African American Baptist preacher and educator

Charles Octavius Boothe (13 June 1845 – 27 February 1924) was an African American Baptist preacher and educator. He also helped establish the Colored Baptist Missionary Convention of the State of Alabama.

== Biography ==
Boothe was born into slavery on June 13, 1845, in Mobile County, Alabama. He encountered Christianity at a young age, witnessing white and African Americans worshipping together in a local Baptist church. However, he only converted to Christianity after the end of the Civil War, baptized in 1866 and ordained a minister in 1868.

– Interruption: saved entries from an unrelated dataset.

Lemma ler_qcomponents_qnorm q :
  [/\ `|qre q| <= qnorm q, `|qi q| <= qnorm q, `|qj q| <= qnorm q & `|qk q| <= qnorm q].
Proof.
rewrite /qnorm; split; last 3 first.
- by rewrite (_ : _ + _ = qi q ^+ 2 + qre q ^+ 2 + qj q ^+ 2 + qk q ^+ 2);
    [exact: ler_norm_sqrt4 | ring].
- by rewrite (_ : _ + _ = qj q ^+ 2 + qre q ^+ 2 + qi q ^+ 2 + qk q ^+ 2);
    [exact: ler_norm_sqrt4 | ring].
- by rewrite (_ : _ + _ = qk q ^+ 2 + qre q ^+ 2 + qi q ^+ 2 + qj q ^+ 2);
    [exact: ler_norm_sqrt4 | ring].
exact: ler_norm_sqrt4.
Qed.

Lemma ler_dist_Req p q : `|Req p - Req q| <= qnorm (qsub p q).
Proof. by have [] := ler_qcomponents_qnorm (qsub p q). Qed.

Lemma ler_dist_qnorm_sqr p q : `|qnorm p ^+ 2 - qnorm q ^+ 2| <=
  4 * (qnorm (qsub p q) * (2 * qnorm q + qnorm (qsub p q))).
Proof.
set d := qnorm (qsub p q).
have [dre di dj dk] := ler_qcomponents_qnorm (qsub p q).
have [qre_le qi_le qj_le qk_le] := ler_qcomponents_qnorm q.
move: (ler_norm_sqrB dre qre_le) (ler_norm_sqrB di qi_le)
  (ler_norm_sqrB dj qj_le) (ler_norm_sqrB dk qk_le).
rewrite !qnorm_sqr -/d /= !ler_norml.
set b := d * _ => /andP[? ?] /andP[? ?] /andP[? ?] /andP[? ?].
apply/andP; split; lra.
Qed.
End Quaternions.

Section QuaternionicBanachAlgebra.
Variables (R : realType) (V : QBA R).

Definition alg : Type := carrier V.

HB.instance Definition _ := gen_eqMixin alg.
HB.instance Definition _ := gen_choiceMixin alg.

Lemma alg_addNr (x : alg) : vadd (vopp x) x = vzero V.
Proof. by rewrite vaddC vaddN. Qed.

HB.instance Definition _ :=
  GRing.isZmodule.Build alg (@vaddA R V) (@vaddC R V) (@vadd0 R V) alg_addNr.
Definition h_connected (r0 : R) (LF LS LW : {set 'I_N}) : Prop :=
  forall i, i \in LF ->
    (exists s : seq 'I_N, [&& path (near_rel r0) i s,
        all (fun j => j \in LF) (belast i s) & last i s \in LS]) /\
    (exists s : seq 'I_N, [&& path (near_rel r0) i s,
        all (fun j => j \in LF) (belast i s) & last i s \in LW]).

End ISPH.

From HB Require Import structures.
From mathcomp Require Import all_boot all_order all_algebra.
From mathcomp Require Import all_classical all_reals all_analysis.
From mathcomp Require Import ring.
Import Order.TTheory GRing.Theory Num.Theory.
Import numFieldNormedType.Exports.
Local Open Scope classical_set_scope.
Local Open Scope ring_scope.
Set Implicit Arguments. Unset Strict Implicit. Unset Printing Implicit Defensive.

(* Each time step splits into the predictor (b), the pressure Poisson equation (c)
   and the correction (d).  The correction and the semi-implicit predictor are
   explicit updates.  The implicit predictor (componentwise) and the pressure
   equation are Dirichlet problems for operators
     (L v)_i = c_i v_i + sum_j g_ij (v_i - v_j),   c, g >= 0:
   since w is decreasing, the SPH Laplacian coefficients
   kappa_ij = V_j w_h'(|x_i - x_j|) / |x_i - x_j| are <= 0, and < 0 between
   h-neighbours.  Such an L satisfies a discrete maximum principle as soon as every
   interior node is joined by a path of positive weights to the boundary or to a
   node where c > 0, because a positive maximum spreads along that path.  For the
   predictor c = 1/dt > 0; for the pressure c = 0, and the free-surface half of
   h-connectivity provides the path to a particle where p = 0.  So the homogeneous problems have only the trivial solution and the
   square linear systems are invertible. *)

Section GraphLaplacian.
Variables (R : realFieldType) (N : nat) (c : 'I_N -> R) (g : 'I_N -> 'I_N -> R).

Definition glap (v : 'I_N -> R) (i : 'I_N) : R :=
  c i * v i + \sum_j g i j * (v i - v j).

Lemma glap_linear a u v i :
  glap (fun j => a * u j + v j) i = a * glap u i + glap v i.
Proof.
rewrite /glap [in RHS]mulrDr mulr_sumr addrACA -big_split /=.
by congr (_ + _); [ring | apply: eq_bigr => j _; ring].
Qed.

Lemma glapB u v i : glap (u \- v) i = glap u i - glap v i.
Proof.
rewrite addrC -mulN1r -glap_linear; congr glap.
by apply/funext => j /=; rewrite mulN1r addrC.
Qed.

Lemma glap0 i : glap (fun=> 0) i = 0.
Proof. by rewrite /glap mulr0 add0r big1 // => j _; rewrite subr0 mulr0. Qed.

Variable U : {set 'I_N}.

Definition dirichlet_map (v : 'rV[R]_N) : 'rV[R]_N :=
  \row_j (if j \in U then glap (v 0) j else v 0 j).

Fact dirichlet_map_is_linear : linear dirichlet_map.
Proof.
move=> a u v; apply/rowP => j; rewrite !mxE; case: ifP => _ //.
rewrite -glap_linear; congr glap; apply/funext => k; by rewrite !mxE.
Qed.

HB.instance Definition _ := GRing.isLinear.Build R 'rV[R]_N 'rV[R]_N *:%R
  dirichlet_map dirichlet_map_is_linear.

Hypothesis c_ge0 : forall i, 0 <= c i.
Hypothesis g_ge0 : forall i j, 0 <= g i j.
Hypothesis U_reach : forall i, i \in U ->
  exists2 s, path (fun a b => 0 < g a b) i s & (last i s \notin U) || (0 < c (last i s)).

Lemma glap_max_principle v :
  (forall i, i \in U -> glap v i <= 0) -> (forall i, i \notin U -> v i <= 0) ->
  forall i, v i <= 0.
Proof.
move=> glap_le0 out_le0 i0; rewrite leNgt; apply/negP => vi0_gt0.
have [m _ vm_max] := @arg_maxP _ _ _ i0 xpredT v isT.
set M := v m in vm_max.
have M_gt0 : 0 < M := lt_le_trans vi0_gt0 (vm_max i0 isT).
have inU a : v a = M -> a \in U.
  by move=> va; apply: contraT => /out_le0; rewrite va leNgt M_gt0.
have spread a : v a = M -> c a = 0 /\ forall b, 0 < g a b -> v b = M.
  move=> va; have sum_le0 := glap_le0 a (inU a va); rewrite /glap va in sum_le0.
  have term_ge0 j : 0 <= g a j * (M - v j).
    by rewrite mulr_ge0 // subr_ge0; apply: vm_max.
  have cM_ge0 : 0 <= c a * M by rewrite mulr_ge0 // ltW.
  have /eqP : c a * M + \sum_j g a j * (M - v j) = 0.
    by apply/le_anti; rewrite sum_le0 addr_ge0 // sumr_ge0.
  rewrite paddr_eq0 ?sumr_ge0 // => /andP[caM /eqP sum0]; split.
    by move: caM; rewrite mulf_eq0 (gt_eqF M_gt0) orbF => /eqP.
  move=> b gab; have /eqP := @psumr_eq0P _ _ xpredT _ (fun j _ => term_ge0 j) sum0 b isT.
  by rewrite mulf_eq0 (gt_eqF gab) subr_eq0 => /eqP <-.
have last_max a s : v a = M -> path (fun a b => 0 < g a b) a s -> v (last a s) = M.
  elim: s a => [|b s IH] a //= va /andP[gab ps].
  exact: IH ((spread a va).2 b gab) ps.
have [s ps] := U_reach (inU m erefl).
have vl := last_max m s erefl ps.
by rewrite inU // (spread _ vl).1 ltxx.
Qed.

Lemma glap_inj u v :
  (forall i, i \in U -> glap u i = glap v i) -> (forall i, i \notin U -> u i = v i) ->
  u =1 v.
Proof.
have le (a b : 'I_N -> R) :
    (forall i, i \in U -> glap a i = glap b i) -> (forall i, i \notin U -> a i = b i) ->
    forall i, a i <= b i.
  move=> Eg Eo i; rewrite -subr_le0; apply: (glap_max_principle (v := a \- b)) => j jU.
    by rewrite glapB Eg // subrr.
  by rewrite /= Eo // subrr.
by move=> Eg Eo i; apply/le_anti; rewrite !le // => j jU; rewrite (Eg, Eo).
Qed.
Lemma Cbar_complete_ext_disc : completely_regular L -> Cbar_complete L -> ext_disc L.
Proof.
move=> CR comp a.
pose S f := exists c, [/\ scale c, c 1 = a, forall p, p < 0 -> c p = fbot L
  & f = compl_map (scale_map c)].
have SC f : S f -> Cbar f by case=> c [sc _ _ ->]; apply/compl_map_Cbar/scale_map_Cbar.
have [u [uC [u_ub u_least]]] := comp S SC.
have fr_u : le (fr u 1) (pc a).
  apply: completely_regular_le_pc => // x /completely_below_scale [c [sc cx c1 c0]].
  have Sc : S (compl_map (scale_map c)) by exists c.
  have [_ /(_ 1) /=] := u_ub _ Sc; rewrite subrr => fr_le.
  apply: lex0_eq; rewrite -(meet_scale_map_fl 0 sc) -cx.
  exact: leI2 fr_le (le_refl _).
have fl_u : le (fl u 0) (pc (pc a)).
  apply: completely_regular_le_pc => // y /completely_below_scale [d [sd dy d1 d0]].
  have ub_d f : S f -> ic_le f (scale_map d).
    case=> c [sc c1 c0 ->]; apply/compl_scale_map_le/scale_meet_eq0 => //.
    by rewrite c1 d1; apply: meet_pc.
  have [fl_le _] := u_least _ (scale_map_Cbar sd) ub_d.
  apply: lex0_eq; rewrite -(meet_scale_map_fl 0 sd) -dy.
  exact: leI2 (fl_le 0) (le_refl _).
by apply: join_top_le2 fr_u fl_u _; rewrite joinC; apply: uC.2; apply: ltr01.
Qed.

End FrameTheory.

Theorem proposition3p11 (L : frame) :
  completely_regular L ->
  (ext_disc L <-> Cbar_eq_Hbar L) /\ (ext_disc L <-> Cbar_complete L).
Proof.
move=> CR; split; split.
- by move=> ED f; split; [apply: Cbar_Hbar | apply: Hbar_Cbar].
- exact: Cbar_eq_Hbar_ext_disc.
- exact: ext_disc_Cbar_complete.
- exact: Cbar_complete_ext_disc.
Qed.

Boothe was strongly concerned with the "uplift" of African Americans, attempting to offer basic literacy and religious and moral education. This included providing the resources necessary to improve the status of African Americans in American society. He helped establish the Colored Baptist Missionary Convention of the State of Alabama in the early 1870s, as a ministerial alliance of Black Baptist churches. He also published a number of resources, such as Plain Theology for Plain People (1890), in order to articulate "the doctrines of our holy religion" with "simplicity of arrangement and simplicity of language."

Eventually retiring from his work in the 1900s, Boothe died on February 27, 1924, in Springfield, Ohio.

== Works ==
- Boothe, Charles Octavius (1890). "Plain Theology for Plain People"
- Boothe, Charles Octavius (1895). "The Cyclopedia of the Colored Baptists of Alabama: Their Leaders and Their Work"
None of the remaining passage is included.